What are the Types of Well Pump?
If your family relies on a well for water, it's important to choose the right type of pump with enough power to keep the water flowing, even on the busiest mornings. Brush up on a few well pump types today, so you'll be primed for a smart purchase when the time comes.
Types of well pump
What does a well pump look like? They come in various shapes and sizes. In this section, we'll go over the most common types of well pumps and the situations where each pump is most suitable.
Shallow Well Pumps
Shallow well pumps are found in applications where the well is less than 25' deep and operate as above-ground well pumps. This style of pump is not submersible and is placed outside the well in a well housing.
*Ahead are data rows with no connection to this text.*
Section WayBelowChain.
Context {X : Type} {O : (X -> Prop) -> Prop} (HO : is_topology O) (Hwf : well_filtered O).
Context (c : nat -> OX O) (Hc : forall n, way_below (@OXle X O) (c (S n)) (c n)).
Local Notation C n := (proj1_sig (c n)).

Lemma chain_decreasing {n m} : n <= m -> subset (C m) (C n).
Proof.
  induction 1 as [| m _ IH]; [intros x Hx; exact Hx |].
  intros x Hx. apply IH. exact (way_below_le OXle_refl (Hc m) x Hx).
Qed.

Definition chain_inter : X -> Prop := fun x => forall n, C n x.

Definition meets_chain (A : X -> Prop) : Prop := forall n, exists y, A y /\ C n y.

(* If the intersection missed [C n], the complements of the members would cover [C n],
   hence one of them would already contain [C (S n)]. *)
Lemma meets_chain_inter (ch : (X -> Prop) -> Prop) :
  (forall B, ch B -> closed O B /\ meets_chain B) ->
  (forall A B, ch A -> ch B -> subset A B \/ subset B A) -> (exists B, ch B) ->
  meets_chain (fun x => forall B, ch B -> B x).
Proof.
  intros Hch Htot [B0 HB0] n. apply NNPP; intros Hmiss.
  pose (D := fun Z : OX O => exists B, ch B /\ proj1_sig Z = fun y => ~ B y).
  assert (HD : directed (@OXle X O) D).
  { split.
    - exists (exist O _ (proj1 (Hch B0 HB0))). exists B0; auto.
    - intros Z1 Z2 [B1 [HB1 E1]] [B2 [HB2 E2]].
      destruct (Htot B1 B2 HB1 HB2) as [H12 | H21].
      + exists Z1. split; [exists B1; auto | split; [apply OXle_refl |]].
        intros y. rewrite E1, E2. intros Hy HB1y. exact (Hy (H12 y HB1y)).
      + exists Z2. split; [exists B2; auto | split; [| apply OXle_refl]].
        intros y. rewrite E1, E2. intros Hy HB2y. exact (Hy (H21 y HB2y)). }
  destruct (OX_way_below_cover HO D (Hc n) HD) as [Z [[B [HB E]] HZ]].
  - intros y Hy. apply NNPP; intros Hny.
    apply Hmiss. exists y. split; [| exact Hy]. intros B HB. apply NNPP; intros HBy.
    apply Hny. exists (exist O _ (proj1 (Hch B HB))). split; [exists B; auto | exact HBy].
  - destruct (proj2 (Hch B HB) (S n)) as [y [HBy Hy]].
    specialize (HZ y Hy). rewrite E in HZ. exact (HZ HBy).
Qed.

Lemma minimal_meets_chain {W} : O W -> meets_chain (fun y => ~ W y) ->
  exists A, closed O A /\ subset A (fun y => ~ W y) /\ meets_chain A /\
            forall B, closed O B -> subset B A -> meets_chain B -> subset A B.
Proof.
  intros HW HWc.
  destruct (chain_closed_family_minimal
              (fun B => closed O B /\ subset B (fun y => ~ W y) /\ meets_chain B) (fun y => ~ W y))
    as [A [[HAcl [HAW HAm]] HAmin]].
  - intros ch Hch Htot [B0 HB0]. split; [| split].
    + apply (closed_inter HO). intros B HB. apply Hch, HB.
    + intros y Hy. apply (Hch B0 HB0), Hy, HB0.
    + apply meets_chain_inter; [| exact Htot | exists B0; exact HB0].
      intros B HB. split; apply Hch, HB.
  - split; [| split; [intros y Hy; exact Hy | exact HWc]].
    unfold closed. apply open_ext with W; [exact HW |]. intros y. split; [auto | apply NNPP].
  - exists A. split; [| split; [| split]]; auto.
    intros B HB HBA HBm. apply HAmin; [| exact HBA]. split; [| split]; auto.
    intros y Hy. exact (HAW y (HBA y Hy)).
Qed.

(* By minimality, [A] minus an open set meeting it can no longer meet every [C m]. *)
Lemma minimal_meets_chain_localizes A U : closed O A ->
  (forall B, closed O B -> subset B A -> meets_chain B -> subset A B) ->
  O U -> (exists a, A a /\ U a) -> exists m, forall y, A y -> C m y -> U y.
Proof.
  intros HA HAmin HU [a [HAa HUa]]. apply NNPP; intros Hnone.
  assert (Hm : meets_chain (fun y => A y /\ ~ U y)).
  { intros m. apply NNPP; intros Hmiss. apply Hnone. exists m. intros y HAy Hy.
    apply NNPP; intros HUy. apply Hmiss. exists y. auto. }
  destruct (HAmin _ (closed_diff HO A U HA HU) (fun y Hy => proj1 Hy) Hm a HAa) as [_ HnUa].
  exact (HnUa HUa).
Qed.

Lemma chain_inter_subset_open {W} : O W -> subset chain_inter W -> exists n, subset (C n) W.
Proof.
  intros HW HKW. apply NNPP; intros Hnone.
  assert (HWc : meets_chain (fun y => ~ W y)).
  { intros n. apply NNPP; intros Hmiss. apply Hnone. exists n. intros y Hy.
    apply NNPP; intros HWy. apply Hmiss. exists y; auto. }
  destruct (minimal_meets_chain HW HWc) as [A [HAcl [HAW [HAm HAmin]]]].
  destruct (choice (fun k y => A y /\ C k y) HAm) as [d Hd].
  assert (Hev : forall U i, O U -> U (d i) -> exists m, forall k, m <= k -> U (d k)).
  { intros U i HU HUd.
    destruct (minimal_meets_chain_localizes A U HAcl HAmin HU) as [m Hm];
      [exists (d i); exact (conj (proj1 (Hd i)) HUd) |].
    exists m. intros k Hmk. apply Hm; [apply Hd | exact (chain_decreasing Hmk _ (proj2 (Hd k)))]. }
  pose (T := fun j => exist (in_KX O) (tail_upset d j) (tail_upset_in_KX d Hev j) : KX O).
  destruct (Hwf W (fun K => exists j, K = T j) HW) as [K [[j ->] HjW]].
  - split; [exists (T 0); exists 0; reflexivity |].
    intros K1 K2 [j1 ->] [j2 ->].
    exists (T (max j1 j2)). split; [exists (max j1 j2); reflexivity |].
    split; intros z [k [Hk Hkz]]; exists k; split; auto; lia.
  - intros z Hz. apply HKW. intros n. destruct (Hz (T n) (ex_intro _ n eq_refl)) as [k [Hnk Hkz]].
    apply (open_saturated (proj2_sig (c n)) (chain_decreasing Hnk _ (proj2 (Hd k))) Hkz).
  - apply (HAW (d j)); [apply Hd |]. apply HjW. exists j. split; [constructor | apply spec_refl].
Qed.

Lemma chain_inter_compact : compact O chain_inter.
Proof.
  intros F HF Hcov.
  destruct (chain_inter_subset_open (open_union HO F HF) Hcov) as [n Hn].
  destruct (way_below_open_list_cover HO F (Hc n) HF Hn) as [l [HlF Hl]].
  exists l. split; [exact HlF |]. intros x Hx. exact (Hl x (Hx (S n))).
Qed.
End WayBelowChain.

Lemma lc_of_cc {X : Type} {O : (X -> Prop) -> Prop} :
  is_topology O -> well_filtered O -> core_compact O -> locally_compact O.
Proof.
  intros HO Hwf Hcc x U HU HUx.
  pose (U' := exist O U HU).
  destruct (OX_sup_subset_union HO (proj2 (proj2 Hcc U')) x HUx) as [V [HVU HVx]].
  destruct (way_below_chain OXle_refl OXle_trans Hcc HVU) as [c [Hc0 [Hc HVc]]].
  exists (chain_inter c). split; [exact (chain_inter_compact HO Hwf c Hc) | split].
  - exists (proj1_sig V). split; [exact (proj2_sig V) | split; [| exact HVx]].
    intros y Hy n. exact (way_below_le OXle_refl (HVc n) y Hy).
  - intros y Hy. specialize (Hy 0). rewrite Hc0 in Hy. exact Hy.
Qed.

Theorem mainTheorem1 (X : Type) (O : (X -> Prop) -> Prop)
  (HO : is_topology O) (HT0 : T0 O) (Hwf : well_filtered O) :
  let c1 := locally_compact O in
  let c2 := continuous_poset (Kle (O := O)) /\
            (forall V : KX O -> Prop, upper_vietoris_open V <-> scott_open (Kle (O := O)) V) in
  let c3 := continuous_poset (Kle (O := O)) /\ xi_continuous O in
  let c4 := continuous_poset (Kle (O := O)) /\ property_Q O in
  let c5 := core_compact O in
  (c1 <-> c2) /\ (c1 <-> c3) /\ (c1 <-> c4) /\ (c1 <-> c5).
Proof.
  intros c1 c2 c3 c4 c5.
  assert (H14 : c1 -> c4).
  { intros Hlc. split; [exact (lc_K_continuous HO Hwf Hlc) | exact (lc_property_Q HO Hwf Hlc)]. }
  assert (H12 : c1 -> c2).
  { intros Hlc. destruct (H14 Hlc) as [Hcont HQ]. split; [exact Hcont |]. intros V. split.
    - apply (upper_vietoris_scott_open HO Hwf V).
    - apply (scott_upper_vietoris_open HO V Hcont HQ). }
  assert (H23 : c2 -> c3).
  { intros [Hcont Heq]. split; [exact Hcont | exact (xi_continuous_of_upper_vietoris HO Heq)]. }
  assert (H31 : c3 -> c1) by (intros [Hcont Hxi]; exact (lc_of_xi_continuous HO Hwf Hcont Hxi)).
  assert (H41 : c4 -> c1) by (intros [Hcont HQ]; exact (lc_of_property_Q HO Hwf Hcont HQ)).
  split; [| split; [| split]]; split; auto.
  - exact (cc_of_lc HO).
  - exact (lc_of_cc HO Hwf).
Qed.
A feature you should look for is overload protection, which prevents motor burnout. The best shallow well pump systems are accompanied by a tank or a booster to increase PSI, which provides constant water pressure to your home. If pump size is a restriction due to your well housing, choose a pump with a booster as this will take up less space.
Some defining characteristics of shallow well jet pumps are:
- The jet pump process relies on water to function.
- They create pressure via impellers.
- The impellers move water, also called drive water, through a small orifice mounted in the housing located in front of the impeller. Doing so increases the water’s speed.
- When the water leaves the jet, a vacuum will suck more water from the well. This water will combine with the drive water and discharge into your house at high pressure.
Submersible Well Pumps
One of the most popular well pump choices among homeowners, submersible well pumps look like long metal cylinders that are completely submerged in a well. They use a motor to draw water from the well up through the pump and into an above-ground reservoir.
Submersible well pumps can operate at a variety of depths. So if you live in a dry area where wells can reach hundreds of feet in depth, a submersible well pump will still work for you. This won’t increase energy costs either because submersible well pumps take advantage of gravity in the pumping process.
Because they are located underwater, the engines of the submersible well pump always stay cool, which means they last significantly longer than other pumps whose motors can burn out quickly. Submersible pumps can last up to 25 years, whereas other pump types may only last five or six.
That said, sitting underwater can cause damage to pumps over time. Submersible well pumps are designed to be well-sealed around the motor. But over time, the seal can corrode and allow water to get into spaces where it isn’t supposed to be. A wet motor is useless until repaired.
Some characteristics of submersible pumps include:
- They won’t function unless they’re entirely underwater.
- The motor powers impellers that push water up the pipe.
- Turning on the pressure switch causes the impellers to spin, which will push water up into a tank located on the surface.
A centrifugal pump rotates an internal fan to create suction. Unlike other well pumps, centrifugal pumps sit in a mechanical housing next to the well instead of inside it, making maintenance less of a hassle.
One potential downside of centrifugal pumps is that their suction is not powerful enough for use in deep wells. Centrifugal pumps are only a viable option if your well is shallower than 25 feet. The centrifugal well pump tends to be the most affordable type.
Which Well Pump is Best For My Home?
To determine which type of well pump is best for you, consider the depth of your well. If the well you’ll be using is more than 25 feet deep, you can count out centrifugal and shallow well jet pumps. If it’s less than 25 feet deep, you have a plethora of options. Talk to a professional to help you determine what’s best for you.
It’s also important to calculate how much water you’ll need at any given time. Pumps are typically rated in gallons per minute (GPM). The average three to four-bedroom home requires eight to 12 GPM. You can roughly calculate this number by adding one GPM for every fixture requiring well water.